Here are some highlights of what I learned from my conversation with Creighton:

Chris Creighton will be calling the plays

While he’s not going to label himself as the offensive coordinator, Creighton’s going to call the plays this season. Former O.C./quarterbacks coach Aaron Keen accepted the head coaching position with WashU in St. Louis (D3), his alma mater, in early January. Keen took a lot of ownership in his play-calling abilities, but now Creighton’s taking a more democratic approach to pushing the buttons in 2020.

Both Todd Frakes and Rob Reeves have left football coaching, which meant Creighton had to hire three new coaches. Joining EMU this year: Mike Piatkowski (QBs), LaMarcus Hicks (CBs), and Brandon Blaney (TEs). He also assigned OL coach James Patton to be the run game coordinator on offense, and Fred Reed moved from corners to safeties along with the added responsibilities of being the defense’s pass game coordinator.

“Some of this is going to be semantics, but I’m not going to be the offensive coordinator in the way that people think of that,” Creighton said. “We’re going to be doing it together. We’re taking what we’ve been doing, but then there are minor pieces that people will see as a little bit different if they’re really familiar with our offense.

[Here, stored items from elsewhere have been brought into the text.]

(* Let $n\ge 3$ and let $h(q)=q^n+q^{n-2}a_{n-2}+\dots+qa_1+a_0$ with $a_0,\dots,a_{n-2}\in\mathbb{H}$ and $a_{n-2}\neq 0$. Put $\lambda=\big(\max_{0\le j\le n-2}|a_j|\big)^{1/n}$. Then every zero $q\in\mathbb{H}$ of $h$ satisfies $$|q|\le \lambda+\max\{\lambda^2,\lambda^{n-1}\}.$$
   Context: $\mathbb{H}$ denotes the real quaternions with the Euclidean norm $|q|=\sqrt{q\bar q}$. The polynomial $h$ has coefficients written to the right of the powers and is evaluated at $q\in\mathbb{H}$ by direct substitution; a zero of $h$ is a $q\in\mathbb{H}$ with $h(q)=0$. *)

From mathcomp Require Import all_boot all_order all_algebra.
From mathcomp Require Import all_classical all_reals all_analysis.
Set Implicit Arguments. Unset Strict Implicit. Unset Printing Implicit Defensive.
Import Order.TTheory GRing.Theory Num.Theory.
Local Open Scope ring_scope.

(* Real quaternions x0 + x1 i + x2 j + x3 k over R. *)
Record quat (R : realType) := Quat { q0 : R; q1 : R; q2 : R; q3 : R }.

Section Quat.
Variable R : realType.
Definition qzero : quat R := Quat 0 0 0 0.
Definition qone : quat R := Quat 1 0 0 0.
Definition qadd (p q : quat R) : quat R :=
  Quat (q0 p + q0 q) (q1 p + q1 q) (q2 p + q2 q) (q3 p + q3 q).
(* Hamilton product: i^2 = j^2 = k^2 = ijk = -1. *)
Definition qmul (p q : quat R) : quat R :=
  Quat (q0 p * q0 q - q1 p * q1 q - q2 p * q2 q - q3 p * q3 q)
       (q0 p * q1 q + q1 p * q0 q + q2 p * q3 q - q3 p * q2 q)
       (q0 p * q2 q - q1 p * q3 q + q2 p * q0 q + q3 p * q1 q)
       (q0 p * q3 q + q1 p * q2 q - q2 p * q1 q + q3 p * q0 q).
Definition qpow (q : quat R) (n : nat) : quat R := iter n (qmul q) qone.
Definition qnorm (q : quat R) : R :=
  Num.sqrt (q0 q ^+ 2 + q1 q ^+ 2 + q2 q ^+ 2 + q3 q ^+ 2).

(* h(q) = q^n + sum_{j=0}^{n-2} q^j a_j  (coefficients on the right) *)
Definition heval (n : nat) (a : nat -> quat R) (q : quat R) : quat R :=
  qadd (qpow q n) (foldr qadd qzero [seq qmul (qpow q j) (a j) | j <- iota 0 n.-1]).
End Quat.

From mathcomp Require Import all_boot all_order all_algebra.
From mathcomp Require Import all_classical all_reals all_analysis.
From mathcomp Require Import ring lra.
Import Order.TTheory GRing.Theory Num.Theory.
Local Open Scope ring_scope.

(* The quaternion norm is multiplicative and subadditive, so a zero q of h
   satisfies the real inequality |q|^n <= M (1 + |q| + ... + |q|^(n-2)) with
   M = max_j |a_j| = lambda^n.  Writing |q| = lambda t and dividing by
   lambda^n gives t^n <= sum_j lambda^j t^j, and each lambda^j with
   1 <= j <= n-2 is at most d = max(lambda, lambda^(n-2)).  If t > 1 + d the
   right-hand side is below 1 + (t - 1)(t + ... + t^(n-2)) = 1 + t^(n-1) - t
   < t^n, a contradiction; hence |q| <= lambda (1 + d). *)

Section QuaternionNorm.
Context {R : realType}.
Implicit Types p q : quat R.

Definition qnorm2 p : R := q0 p ^+ 2 + q1 p ^+ 2 + q2 p ^+ 2 + q3 p ^+ 2.

Definition qdot p q : R :=
  q0 p * q0 q + q1 p * q1 q + q2 p * q2 q + q3 p * q3 q.

Lemma qnorm2_ge0 p : 0 <= qnorm2 p.
Proof. by rewrite /qnorm2 !addr_ge0 ?sqr_ge0. Qed.

Lemma qnorm_ge0 p : 0 <= qnorm p.
Proof. exact: sqrtr_ge0. Qed.

Lemma qnorm0 : qnorm (qzero R) = 0.
Proof. by rewrite /qnorm /= expr0n /= !addr0 sqrtr0. Qed.

Lemma qnorm1 : qnorm (qone R) = 1.
Proof. by rewrite /qnorm /= expr0n /= !addr0 expr1n sqrtr1. Qed.

Lemma sqr_qnorm p : qnorm p ^+ 2 = qnorm2 p.
Proof. exact/sqr_sqrtr/qnorm2_ge0. Qed.

Lemma qnorm2_eq0 p : qnorm2 p = 0 -> p = qzero R.
Proof.
case: p => x0 x1 x2 x3; rewrite /qnorm2 /= => /eqP.
rewrite !paddr_eq0 ?addr_ge0 ?sqr_ge0 // !sqrf_eq0.
by case/andP=> /andP[/andP[/eqP-> /eqP->] /eqP->] /eqP->.
Qed.

Lemma qnorm_gt0 p : p <> qzero R -> 0 < qnorm p.
Proof.
move=> p_neq0; rewrite sqrtr_gt0 lt_def -/(qnorm2 p) qnorm2_ge0 andbT.
by apply/eqP => /qnorm2_eq0.
Qed.

(* Euler's four-square identity. *)
Lemma qnorm_mul p q : qnorm (qmul p q) = qnorm p * qnorm q.
Proof.
rewrite /qnorm -sqrtrM ?qnorm2_ge0 //; congr Num.sqrt.
by case: p => ? ? ? ?; case: q => ? ? ? ? /=; ring.
Qed.

Lemma qnorm_pow q n : qnorm (qpow q n) = qnorm q ^+ n.
Proof. by elim: n => [|n IHn]; rewrite ?qnorm1 // exprS -IHn qnorm_mul. Qed.

(* Cauchy--Schwarz, via Lagrange's identity. *)
Lemma qdot_le_qnorm p q : qdot p q <= qnorm p * qnorm q.
Proof.
rewrite -sqrtrM ?qnorm2_ge0 //; apply: le_trans (ler_norm _) _.
rewrite -sqrtr_sqr ler_sqrt ?mulr_ge0 ?qnorm2_ge0 // -subr_ge0.
have -> : qnorm2 p * qnorm2 q - qdot p q ^+ 2 =
    (q0 p * q1 q - q1 p * q0 q) ^+ 2 + (q0 p * q2 q - q2 p * q0 q) ^+ 2 +
    (q0 p * q3 q - q3 p * q0 q) ^+ 2 + (q1 p * q2 q - q2 p * q1 q) ^+ 2 +
    (q1 p * q3 q - q3 p * q1 q) ^+ 2 + (q2 p * q3 q - q3 p * q2 q) ^+ 2.
  by rewrite /qnorm2 /qdot; ring.
by rewrite !addr_ge0 ?sqr_ge0.
Qed.

Lemma qnorm_add p q : qnorm (qadd p q) <= qnorm p + qnorm q.
Proof.
have norm_sum_ge0 : 0 <= qnorm p + qnorm q by rewrite addr_ge0 ?qnorm_ge0.
rewrite -(ger0_norm norm_sum_ge0) -sqrtr_sqr {1}/qnorm -/(qnorm2 _).
rewrite ler_sqrt ?sqr_ge0 //.
have -> : qnorm2 (qadd p q) = qnorm2 p + qnorm2 q + 2 * qdot p q.
  by rewrite /qnorm2 /qdot /=; ring.
rewrite sqrrD !sqr_qnorm -mulr_natr; have := qdot_le_qnorm p q; lra.
Qed.

Lemma qnorm_foldr_add (s : seq (quat R)) :
  qnorm (foldr (@qadd R) (qzero R) s) <= \sum_(p <- s) qnorm p.
Proof.
elim: s => [|p s IHs] /=; first by rewrite big_nil qnorm0.
by rewrite big_cons (le_trans (qnorm_add _ _)) ?lerD.
Qed.

Lemma qnorm_eq_of_qadd_eq0 p q : qadd p q = qzero R -> qnorm p = qnorm q.
Proof.
case: p => x0 x1 x2 x3; case: q => y0 y1 y2 y3 [] /= s0 s1 s2 s3.
rewrite /qnorm /= -(addr0_eq s0) -(addr0_eq s1) -(addr0_eq s2) -(addr0_eq s3).
by rewrite !sqrrN.
Qed.

Lemma heval_root_qnorm_le {n : nat} {a : nat -> quat R} {q : quat R} :
  heval n a q = qzero R ->
  qnorm q ^+ n <= \sum_(0 <= j < n.-1) qnorm q ^+ j * qnorm (a j).
Proof.
rewrite /heval => /qnorm_eq_of_qadd_eq0; rewrite qnorm_pow => ->.
apply: le_trans (qnorm_foldr_add _) _; rewrite big_map /index_iota subn0.
by apply: ler_sum => j _; rewrite qnorm_mul qnorm_pow.
Qed.

End QuaternionNorm.

Section CauchyBound.
Context {R : realFieldType}.

Lemma expr_le_max_ends {l : R} {j k : nat} : 0 <= l -> (1 <= j <= k)%N ->
  l ^+ j <= Num.max l (l ^+ k).
Proof.
move=> l_ge0 /andP[j_gt0 j_le_k]; rewrite le_max.
have [l_le1 | l_gt1] := lerP l 1.
  by rewrite -{2}(expr1 l) ler_wiXn2l.
by rewrite ler_weXn2l ?orbT // ltW.
Qed.

(* (t - 1)(t + ... + t^k) telescopes to t^(k+1) - t. *)
Lemma sum_le_telescope (c : nat -> R) (t : R) k :
  1 <= t -> c 0%N <= 1 -> (forall j, (1 <= j <= k)%N -> c j <= t - 1) ->
  \sum_(0 <= j < k.+1) c j * t ^+ j <= 1 + t ^+ k.+1 - t.
Proof.
move=> t_ge1 c0_le1; elim: k => [|k IHk] c_le.
  by rewrite big_nat1 expr0 mulr1 expr1; lra.
rewrite big_nat_recr //= [t ^+ k.+2]exprS.
have tk_ge0 : 0 <= t ^+ k.+1 by rewrite exprn_ge0 // (le_trans ler01).
have ck_le : c k.+1 * t ^+ k.+1 <= (t - 1) * t ^+ k.+1.
  by rewrite ler_wpM2r // c_le ?leqnn.
have IH : \sum_(0 <= j < k.+1) c j * t ^+ j <= 1 + t ^+ k.+1 - t.
  by apply: IHk => j /andP[j_gt0 j_le_k]; rewrite c_le // j_gt0 leqW.
set u := t ^+ k.+1 in tk_ge0 ck_le IH *; nra.
Qed.

Lemma cauchy_root_bound {l r : R} {k : nat} : 0 < l ->
  r ^+ k.+2 <= \sum_(0 <= j < k.+1) r ^+ j * l ^+ k.+2 ->
  r <= l * (1 + Num.max l (l ^+ k)).
Proof.
move=> l_gt0 r_root; rewrite leNgt; apply/negP => r_big.
set d := Num.max l (l ^+ k) in r_big.
set t := r / l.
have r_eq : r = l * t by rewrite /t mulrCA divff ?mulr1 // gt_eqF.
have t_big : 1 + d < t by rewrite /t ltr_pdivlMr // mulrC.
have d_ge0 : 0 <= d by rewrite le_max ltW.
have sum_eq : \sum_(0 <= j < k.+1) r ^+ j * l ^+ k.+2 =
    l ^+ k.+2 * \sum_(0 <= j < k.+1) l ^+ j * t ^+ j.
  by rewrite mulr_sumr; apply: eq_bigr => j _; rewrite r_eq exprMn mulrC.
have t_root : t ^+ k.+2 <= \sum_(0 <= j < k.+1) l ^+ j * t ^+ j.
  by rewrite -(ler_pM2l (exprn_gt0 k.+2 l_gt0)) -sum_eq -exprMn -r_eq.
have t_gt1 : 1 < t by apply: le_lt_trans t_big; rewrite lerDl.
have sum_le : \sum_(0 <= j < k.+1) l ^+ j * t ^+ j <= 1 + t ^+ k.+1 - t.
  apply: sum_le_telescope => [||j jk /=]; [exact: ltW | by rewrite expr0 |].
  by rewrite (le_trans (expr_le_max_ends (ltW l_gt0) jk)) // -/d; lra.
have tk_ge1 : 1 <= t ^+ k.+1 by rewrite exprn_ege1 // ltW.
move: t_root sum_le; rewrite exprS; set u := t ^+ k.+1 in tk_ge1 *; nra.
Qed.
End CauchyBound.

Lemma expr_powR_natV (R : realType) (x : R) n : 0 <= x -> (0 < n)%N ->
  (x `^ (n%:R)^-1) ^+ n = x.
Proof.
move=> x_ge0 n_gt0.
by rewrite -powR_mulrn ?powR_ge0 // -powRrM mulVf ?pnatr_eq0 -?lt0n // powRr1.
Qed.

Theorem corollary3 (R : realType) (n : nat) (a : nat -> quat R) :
  (3 <= n)%N ->
  a (n - 2)%N <> qzero R ->
  let lambda := (\big[Num.max/0]_(j < n.-1) qnorm (a j)) `^ (n%:R)^-1 in
  forall q : quat R, heval n a q = qzero R ->
  qnorm q <= lambda + Num.max (lambda ^+ 2) (lambda ^+ n.-1).
Proof.
case: n => [|[|[|m]]] // _; rewrite subn2 => a_neq0.
set M := \big[Num.max/0]_(j < m.+2) qnorm (a j) => lambda q q_root.
have a_le_M j : (j < m.+2)%N -> qnorm (a j) <= M.
  by move=> j_lt; apply: (le_bigmax _ (fun i : 'I__ => _) (Ordinal j_lt)).
have M_gt0 : 0 < M by apply: lt_le_trans (a_le_M m.+1 _); rewrite ?qnorm_gt0.
have lambda_gt0 : 0 < lambda by apply: powR_gt0.
have lambdaXn : lambda ^+ m.+3 = M by apply: expr_powR_natV; rewrite ?ltW.
rewrite /= (exprS _ 1) (exprS _ m.+1) expr1 -(maxr_pMr _ _ (ltW lambda_gt0)).
rewrite -[X in X + _]mulr1 -mulrDr.
apply: cauchy_root_bound lambda_gt0 _; rewrite lambdaXn.
apply: le_trans (heval_root_qnorm_le q_root) _.
apply: ler_sum_nat => j /andP[_ j_lt].
by rewrite ler_wpM2l ?exprn_ge0 ?qnorm_ge0 ?a_le_M.
Qed.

“Part of our staff is breaking down film weeks before we ever play anybody. On Sunday after a game is when we all start looking at different parts of our opponent and writing down thoughts and whatnot. We get together on Monday and we start going through our process and building the plan. It’s not like we’re going to do this, this, this, this, this, this, and then we take our notes and go coach our guys. You hire people who are great at what they do and are experts in their areas. With me, it’s always a collaborative effort.”

The leading positions for offense are at O-line & TE

Regular readers of this newsletter should know how little is returning at the skilled positions, but Creighton told me that this team’s going to lean on its linemen to make the plays happen. There’s not as much turnover in this group with the starting left guard (Sidy Sow), center (Mike Van Hoeven) and right tackle (Brian Dooley) all returning. Might as well throw Jake Donnellon, the right guard, onto this list too since he started the final four games last year.

Nobody wants to lose steady left tackles, but Creighton has plenty of candidates to try out for the position this spring. Some of the guys that are in the running include Sow, who played left tackle as a freshman, redshirt-freshman Jimi McAdams, sophomore Marcellus Johnson, and junior Zack Kadri.

The tight end position has a lot of returning pieces too with seniors Thomas Odukoya and Bryson Cannon (20 receptions, 212 yards, 2 touchdowns last year) leading the group.

“There may not be many stars out there, but as a group, if they’re able to play together and whatnot, it can be a really good offensive line,” Creighton said. “If you’re losing one full-time starter and a part-time starter, I think we’ve done a really good job of recruiting the classes in how they shaped out to be even.”

There’s a lot that has to play out in the spring before we can learn too much about the skilled positions on this side of the ball, but EMU’s in a good place up front.

Starting lineups via Eastern Michigan Football 2020 Spring Prospectus.

Defensively, Creighton looks to D-line

There are six seniors to represent the defensive line this year, and there’s a lot of talent behind them that warrant playing time too.

“I think that we’ll be led by our defense this year. It starts with our D-line, and our D-line is pretty good,” Creighton told me.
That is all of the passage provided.